In case-cohort analyses within a multisite systemic lupus erythematosus (SLE) cohort, researchers studied 75 patients with lymphoma (mean age at entry, 45.2 years; 80% women) and 4,961 cancer-free patients (mean age, 38.5 years; 90.9% women). Regression models generated adjusted hazard ratios for lymphoma, time-dependent exposures to immunomodulators (cyclophosphamide, azathioprine, methotrexate, mycophenolate, antimalarial drugs and glucocorticoids), demographics, calendar year, Sjögren’s syndrome, SLE duration and disease activity.

Sasha Bernatsky, MD 

Sasha Bernatsky

Seventy-five lymphomas (non-Hodgkin’s, n=72; Hodgkin’s, n=3) occurred a mean of 12.4 years after SLE diagnosis, and 54 were of B-cell origin.

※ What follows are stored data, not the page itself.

Lemma threshold_split (d : nat -> R) (a n : nat) (t : R) :
  (forall k i, (a <= k <= i)%nat -> (i < a + n)%nat -> d k <= d i) ->
  exists j, (j <= n)%nat /\ (forall k, (a <= k < a + j)%nat -> d k < t) /\
            (forall k, (a + j <= k < a + n)%nat -> t <= d k).
Proof.
  induction n as [|n IH]; intros Hmono.
  - exists 0%nat. repeat split; intros; lia.
  - destruct IH as [j [Hj [Hlo Hhi]]]; [intros k i Hk Hi; apply Hmono; lia |].
    destruct (Rlt_or_le (d (a + n)%nat) t) as [Hlt | Hge].
    + exists (S n). repeat split; [lia | | intros; lia].
      intros k Hk. apply Rle_lt_trans with (d (a + n)%nat); [apply Hmono; lia | exact Hlt].
    + exists j. repeat split; [lia | exact Hlo |].
      intros k Hk. destruct (Nat.eq_dec k (a + n)) as [-> | Hne]; [exact Hge | apply Hhi; lia].
Qed.

Section Blocks.

Variables (phi : nat -> R) (lam del : R) (m : nat).
Hypotheses (lam_pos : 0 < lam) (del_range : 0 < del <= 1/2).

Let u k := e (phi k).
Let d k := phi (S k) - phi k.
Hypothesis d_step : forall k, (S k < m)%nat -> lam <= d (S k) - d k.

Let B := 2 * del / lam + 1 + (1 + cos (PI * del)) / sin (PI * del).

Lemma block_const_nonneg : 0 <= B.
Proof.
  pose proof PI_RGT_0.
  assert (0 <= 2 * del / lam) by (apply Rdiv_le_0_compat; lra).
  assert (0 <= (1 + cos (PI * del)) / sin (PI * del)) by (apply one_plus_cos_div_sin_nonneg; nra).
  unfold B; lra.
Qed.

Lemma d_grow a j : (a + j < m)%nat -> INR j * lam <= d (a + j)%nat - d a.
Proof.
  induction j as [|j IH]; intros H.
  - rewrite Nat.add_0_r. simpl. lra.
  - rewrite S_INR. replace (a + S j)%nat with (S (a + j)) by lia.
    specialize (d_step (a + j)%nat ltac:(lia)). specialize (IH ltac:(lia)). lra.
Qed.

Lemma d_le k i : (k <= i < m)%nat -> d k <= d i.
Proof.
  intros Hki. replace i with (k + (i - k))%nat by lia.
  pose proof (d_grow k (i - k) ltac:(lia)). pose proof (pos_INR (i - k)). nra.
Qed.

(* Consecutive d k differ by at least lam, so a window of width w holds at most
   w / lam + 1 of them. *)
Lemma Cmod_csum_window a n t w : (a + n <= m)%nat -> 0 <= w ->
  (forall k, (a <= k < a + n)%nat -> t <= d k < t + w) ->
  Cmod (csum u a n) <= w / lam + 1.
Proof.
  intros Hm Hw Hk. eapply Rle_trans; [apply Cmod_csum_le; intros; right; apply Cmod_e |].
  assert (0 <= w / lam) by (apply Rdiv_le_0_compat; lra).
  destruct n as [|n]; [simpl; lra |].
  assert (H1 := d_grow a n ltac:(lia)).
  assert (H2 := Hk a ltac:(lia)). assert (H3 := Hk (a + n)%nat ltac:(lia)).
  assert (INR n < w / lam).
  { apply Rmult_lt_reg_r with lam; [lra |]. unfold Rdiv. rewrite Rmult_assoc, Rinv_l; lra. }
  rewrite S_INR. lra.
Qed.

(* Within a block d k runs through [K - del, K + 1 - del): near K it is estimated by the
   window bound, beyond K + del by Kusmin-Landau. *)
Lemma Cmod_csum_block a n K : (a + n <= m)%nat ->
  (forall k, (a <= k < a + n)%nat -> IZR K <= d k + del < IZR K + 1) ->
  Cmod (csum u a n) <= B.
Proof.
  intros Hm Hk.
  destruct (threshold_split d a n (IZR K + del)) as [j [Hj [Hlo Hhi]]].
  { intros k i Hki Hi. apply d_le; lia. }
  replace n with (j + (n - j))%nat by lia. rewrite csum_add.
  eapply Rle_trans; [apply Cmod_triangle |].
  assert (N1 : Cmod (csum u a j) <= 2 * del / lam + 1).
  { apply (Cmod_csum_window a j (IZR K - del)); [lia | lra |].
    intros k Hk'. specialize (Hk k ltac:(lia)). specialize (Hlo k Hk'). lra. }
  assert (N2 : Cmod (csum u (a + j) (n - j)) <= (1 + cos (PI * del)) / sin (PI * del)).
  { destruct (n - j)%nat as [|n'] eqn:E.
    - simpl. rewrite Cmod_0. pose proof PI_RGT_0.
      apply one_plus_cos_div_sin_nonneg; nra.
    - apply (kusmin_landau phi K del); [lra | |].
      + intros k Hk'. specialize (Hk k ltac:(lia)). specialize (Hhi k ltac:(lia)).
        fold (d k). lra.
      + intros k Hk'. fold (d k) (d (S k)). assert (d k <= d (S k)) by (apply d_le; lia). lra. }
  unfold B. lra.
Qed.

Let kap k := Int_part (d k + del).

Lemma kap_spec k : IZR (kap k) <= d k + del < IZR (kap k) + 1.
Proof. unfold kap. destruct (base_Int_part (d k + del)). lra. Qed.

Lemma kap_le k : (S k < m)%nat -> (kap k <= kap (S k))%Z.
Proof.
  intros Hk. assert (d k <= d (S k)) by (apply d_le; lia).
  pose proof (kap_spec k). pose proof (kap_spec (S k)).
  assert (Hlt : IZR (kap k) < IZR (kap (S k) + 1)) by (rewrite plus_IZR; lra).
  apply lt_IZR in Hlt. lia.
Qed.

Lemma Cmod_csum_last_block s n : (S n <= m)%nat -> (s <= n)%nat ->
  (forall k, (s <= k <= n)%nat -> kap k = kap n) ->
  Cmod (csum u s (S n - s)) <= B.
Proof.
  intros Hm Hs Hconst. apply (Cmod_csum_block s (S n - s) (kap n)); [lia |].
  intros k Hk. rewrite <- (Hconst k ltac:(lia)). apply kap_spec.
Qed.

(* Each completed block raises kap by at least one. *)
Lemma last_block_split n : (S n <= m)%nat ->
  exists s, (s <= n)%nat /\ (forall k, (s <= k <= n)%nat -> kap k = kap n) /\
     Cmod (csum u 0 s) <= B * IZR (kap n - kap 0).
Proof.
  induction n as [|n IH]; intros Hm.
  - exists 0%nat. split; [lia |]. split; [intros k Hk; f_equal; lia |].
    simpl. rewrite Cmod_0, Z.sub_diag. simpl. lra.
  - destruct (IH ltac:(lia)) as [s [Hs [Hconst Hsum]]].
    assert (Hmono := kap_le n ltac:(lia)).
    destruct (Z.eq_dec (kap (S n)) (kap n)) as [E | E].
    + exists s. split; [lia |]. split; [| now rewrite E].
      intros k Hk. destruct (Nat.eq_dec k (S n)) as [-> | ]; [reflexivity |].
      rewrite E. apply Hconst; lia.
    + exists (S n). split; [lia |]. split; [intros k Hk; f_equal; lia |].
      replace (S n) with (s + (S n - s))%nat at 1 by lia. rewrite csum_add, Nat.add_0_l.
      eapply Rle_trans; [apply Cmod_triangle |].
      assert (Hblock := Cmod_csum_last_block s n ltac:(lia) Hs Hconst).
      assert (IZR (kap n - kap 0) + 1 <= IZR (kap (S n) - kap 0)).
      { rewrite <- plus_IZR. apply IZR_le. lia. }
      pose proof block_const_nonneg. nra.
Qed.

Lemma Cmod_csum_blocks n : (S n <= m)%nat ->
  Cmod (csum u 0 (S n)) <= B * (d n - d 0 + 2).
Proof.
  intros Hm. destruct (last_block_split n Hm) as [s [Hs [Hconst Hsum]]].
  replace (S n) with (s + (S n - s))%nat at 1 by lia. rewrite csum_add, Nat.add_0_l.
  eapply Rle_trans; [apply Cmod_triangle |].
  assert (Hblock := Cmod_csum_last_block s n Hm Hs Hconst).
  assert (IZR (kap n - kap 0) <= d n - d 0 + 1).
  { rewrite minus_IZR. pose proof (kap_spec n). pose proof (kap_spec 0). lra. }
  pose proof block_const_nonneg. nra.
Qed.

End Blocks.

Lemma second_difference_test (phi : nat -> R) (lam Lam del : R) (n : nat) :
  0 < lam -> 0 < del <= 1/2 ->
  (forall k, (k < n)%nat -> lam <= phi (S (S k)) - 2 * phi (S k) + phi k <= Lam) ->
  Cmod (csum (fun k => e (phi k)) 0 (S n))
  <= (2 * del / lam + 1 + (1 + cos (PI * del)) / sin (PI * del)) * (INR n * Lam + 2).
Proof.
  intros Hlam Hdel Hsd.
  set (d k := phi (S k) - phi k).
  assert (Hstep : forall k, (S k < S n)%nat -> lam <= d (S k) - d k).
  { intros k Hk. specialize (Hsd k ltac:(lia)). unfold d. lra. }
  assert (Hgrow : forall j, (j <= n)%nat -> d j - d 0%nat <= INR j * Lam).
  { induction j as [|j IH]; intros Hj; [simpl; lra |].
    rewrite S_INR. specialize (Hsd j ltac:(lia)). specialize (IH ltac:(lia)). unfold d in *. lra. }
  eapply Rle_trans; [exact (Cmod_csum_blocks phi lam del (S n) Hlam Hdel Hstep n (le_n _)) |].
  apply Rmult_le_compat_l; [exact (block_const_nonneg lam del Hlam Hdel) |].
  specialize (Hgrow n (le_n n)). unfold d in Hgrow. lra.
Qed.
(* The following subgroups of $\mathrm{Homeo}(\{0,1\}^{\mathbb N})$ are all equal: $\widehat S=\langle {}_yG_y,T\rangle=\langle G_y,T\rangle=\langle {}_yG,T\rangle=\langle G,T\rangle=\langle y_{10},T\rangle$.
   Context: Let $\{0,1\}^{\mathbb N}$ be the Cantor set of infinite binary sequences and $\{0,1\}^{<\mathbb N}$ the set of finite binary words, including the empty word; juxtaposition denotes concatenation, $0^n,1^n$ ($n\ge0$) denote constant words. Homeomorphisms act on the right. Define $x,y$ by $00\eta\cdot x=0\eta$, $01\eta\cdot x=10\eta$, $1\eta\cdot x=11\eta$, and recursively $00\eta\cdot y=0(\eta\cdot y)$, $01\eta\cdot y=10(\eta\cdot y^{-1})$, $1\eta\cdot y=11(\eta\cdot y)$; $x_s$ (resp. $y_s$) sends $s\eta\mapsto s(\eta\cdot x)$ (resp. $s(\eta\cdot y)$) and fixes sequences not beginning with $s$. $F=\langle x_s\rangle$; ${}_yG_y=\langle F,\ y_s\ (\text{all } s)\rangle$; $G_y=\langle F,\ y_s\ (s\ne0^n)\rangle$; ${}_yG=\langle F,\ y_s\ (s\ne 1^n)\rangle$; $G=\langle F,\ y_s\ (s\notin\{0^n,1^n\})\rangle$. For $n\ge0$, $p_n$ is the homeomorphism with $1^k0\eta\cdot p_n=1^{k+1}0\eta$ for $0\le k\le n-1$, $1^n0\eta\cdot p_n=1^{n+1}\eta$, $1^{n+1}\eta\cdot p_n=0\eta$; $T=\langle F,p_n\ (n\ge0)\rangle$. $\widehat S$ denotes the group generated by all $x_s,y_s,p_n$. *)

From mathcomp Require Import all_boot.
Set Implicit Arguments. Unset Strict Implicit. Unset Printing Implicit Defensive.

(** The Cantor set {0,1}^N; false = 0, true = 1.  Finite words are [seq bool]. *)
Definition Cantor := nat -> bool.

Definition prepend (w : seq bool) (xi : Cantor) : Cantor :=
  fun n => if n < size w then nth false w n else xi (n - size w).

Definition shift (k : nat) (xi : Cantor) : Cantor := fun n => xi (k + n).

Definition has_prefix (w : seq bool) (xi : Cantor) : bool := mkseq xi (size w) == w.

Definition x_map (xi : Cantor) : Cantor :=
  if xi 0 then prepend [:: true; true] (shift 1 xi)
  else if xi 1 then prepend [:: true; false] (shift 2 xi)
  else prepend [:: false] (shift 2 xi).
(* $\mathfrak{G}\left[ (\mathbb{X}, \dagger) \right]_X$ is a Markov category.
   Context: Let $(\mathbb{X}, \dagger)$ be a dagger additive category: a category with a dagger (an identity-on-objects, involutive, contravariant functor $f \mapsto f^\dagger$), enriched in abelian groups with $(f+g)^\dagger = f^\dagger + g^\dagger$, and having all finite biproducts whose projections and injections satisfy $\pi_j^\dagger = \iota_j$. Fix an object $X \in \mathbb{X}$. A map $p: B \to B$ is $\dagger$-positive if $p = \phi^\dagger \circ \phi$ for some map $\phi: B \to D$. The Gauss construction $\mathfrak{G}\left[ (\mathbb{X}, \dagger) \right]_X$ is the category whose objects are those of $\mathbb{X}$, whose maps $A \to B$ are triples $(f,p,x)$ with $f: A \to B$, $p: B \to B$ $\dagger$-positive, and $x: X \to B$; identities are $(\mathsf{id}_A, 0, 0)$ and composition is $(g,q,y) \circ (f,p,x) = (g \circ f, q + g \circ p \circ g^\dagger, y + g \circ x)$. It is symmetric monoidal with $A \otimes B = A \oplus B$, $(f,p,x) \otimes (g,q,y) = \left(f \oplus g, p \oplus q, \begin{bmatrix} x \\ y \end{bmatrix}\right)$, unit the zero object $\mathsf{0}$, and symmetry $\mathsf{swap}_{A,B} = \left(\begin{bmatrix} 0 & \mathsf{id}_B \\ \mathsf{id}_A & 0 \end{bmatrix}, 0, 0\right)$. The copy map is $\mathsf{copy}_A = \left(\begin{bmatrix} \mathsf{id}_A \\ \mathsf{id}_A \end{bmatrix}, 0, 0\right): A \to A \otimes A$ and the delete is $\mathsf{del}_A = (0,0,0): A \to \mathsf{0}$. A Markov category is a symmetric monoidal category in which each object carries a cocommutative comonoid $(\mathsf{copy}_A, \mathsf{del}_A)$, coherent with the monoidal structure ($\mathsf{copy}_{A\otimes B} = (\mathsf{id}_A \otimes \mathsf{swap}_{A,B} \otimes \mathsf{id}_B)\circ(\mathsf{copy}_A \otimes \mathsf{copy}_B)$, $\mathsf{del}_{A\otimes B} = \mathsf{del}_A \otimes \mathsf{del}_B$), and such that $\mathsf{del}$ is natural ($\mathsf{del}_B \circ f = \mathsf{del}_A$ for all $f: A \to B$). *)

From mathcomp Require Import all_boot all_algebra.
Set Implicit Arguments. Unset Strict Implicit. Unset Printing Implicit Defensive.
Import GRing.Theory.
Local Open Scope ring_scope.

Record dac_data := DacData {
  ob : Type;
  hom : ob -> ob -> zmodType;
  idm : forall A, hom A A;
  comp : forall A B C, hom B C -> hom A B -> hom A C;
  dag : forall A B, hom A B -> hom B A;
  zob : ob;
  bip : ob -> ob -> ob;
  pi1 : forall A B, hom (bip A B) A;
  pi2 : forall A B, hom (bip A B) B;
  in1 : forall A B, hom A (bip A B);
  in2 : forall A B, hom B (bip A B)
}.
Arguments idm {_} A.
Arguments comp {_ A B C} g f.
Arguments dag {_ A B} f.
Arguments zob {_}.
Arguments bip {_} A B.
Arguments pi1 {_ A B}.
Arguments pi2 {_ A B}.
Arguments in1 {_ A B}.
Arguments in2 {_ A B}.

Definition dac_axioms (C : dac_data) : Prop :=
  (forall (A B C' D : ob C) (h : hom C' D) (g : hom B C') (f : hom A B),
      comp h (comp g f) = comp (comp h g) f) /\
  (forall (A B : ob C) (f : hom A B), comp (idm B) f = f) /\
  (forall (A B : ob C) (f : hom A B), comp f (idm A) = f) /\
  (forall (A B C' : ob C) (g g' : hom B C') (f : hom A B),
      comp (g + g') f = comp g f + comp g' f) /\
  (forall (A B C' : ob C) (g : hom B C') (f f' : hom A B),
      comp g (f + f') = comp g f + comp g f') /\
  (forall (A : ob C), dag (idm A) = idm A) /\
  (forall (A B C' : ob C) (g : hom B C') (f : hom A B),
      dag (comp g f) = comp (dag f) (dag g)) /\
  (forall (A B : ob C) (f : hom A B), dag (dag f) = f) /\
  (forall (A B : ob C) (f g : hom A B), dag (f + g) = dag f + dag g) /\
  (* zero object (empty biproduct) *)
  idm (@zob C) = 0 /\
  (forall (A B : ob C), comp (@pi1 C A B) in1 = idm A) /\
  (forall (A B : ob C), comp (@pi2 C A B) in2 = idm B) /\
  (forall (A B : ob C), comp (@pi1 C A B) in2 = 0) /\
  (forall (A B : ob C), comp (@pi2 C A B) in1 = 0) /\
  (forall (A B : ob C), comp (@in1 C A B) pi1 + comp in2 pi2 = idm (bip A B)) /\
  (forall (A B : ob C), dag (@pi1 C A B) = in1) /\
  (forall (A B : ob C), dag (@pi2 C A B) = in2).

Record DagAddCat := { dac :> dac_data; dac_ax : dac_axioms dac }.

Section DacFacts.
Variable C : DagAddCat.
Let ax := dac_ax C.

Lymphoma risk for SLE was greater in men than women and increased with age, which mimicked the general population. There was no clear association of disease activity with lymphoma risk, based on unadjusted (HR=0.62; 95% CI, 0.34-1.13) and fully adjusted (HR=0.68; 95% CI, 0.36-1.29) analyses.

“There was a suggestion of greater exposure to cyclophosphamide and to higher cumulative steroids in lymphoma cases than the cancer-free controls,” the researchers reported.

“Most of the lymphoma cases in the SLE patients that we studied had not been exposed to immunosuppressive drugs prior to their lymphoma occurring,” researcher Sasha Bernatsky, MD, PhD, FRCPC, of the division of clinical epidemiology, Research Institute at the McGill University Health Centre, Quebec, told Healio.com. “However, we did find a suggestion of an increase in lymphoma risk after one drug, cyclophosphamide. Still, the absolute number of lymphomas among subjects exposed to cyclophosphamide was relatively small [less than 0.1% per year], and the drug remains currently important for very severe SLE manifestations.

“Our study addresses long-standing fears (on the part of patients and practitioners] of a link between lupus medication and cancer. The fear of developing cancer among lupus patients has been so great that some patients may be reluctant to take their medication and others may stop all together.”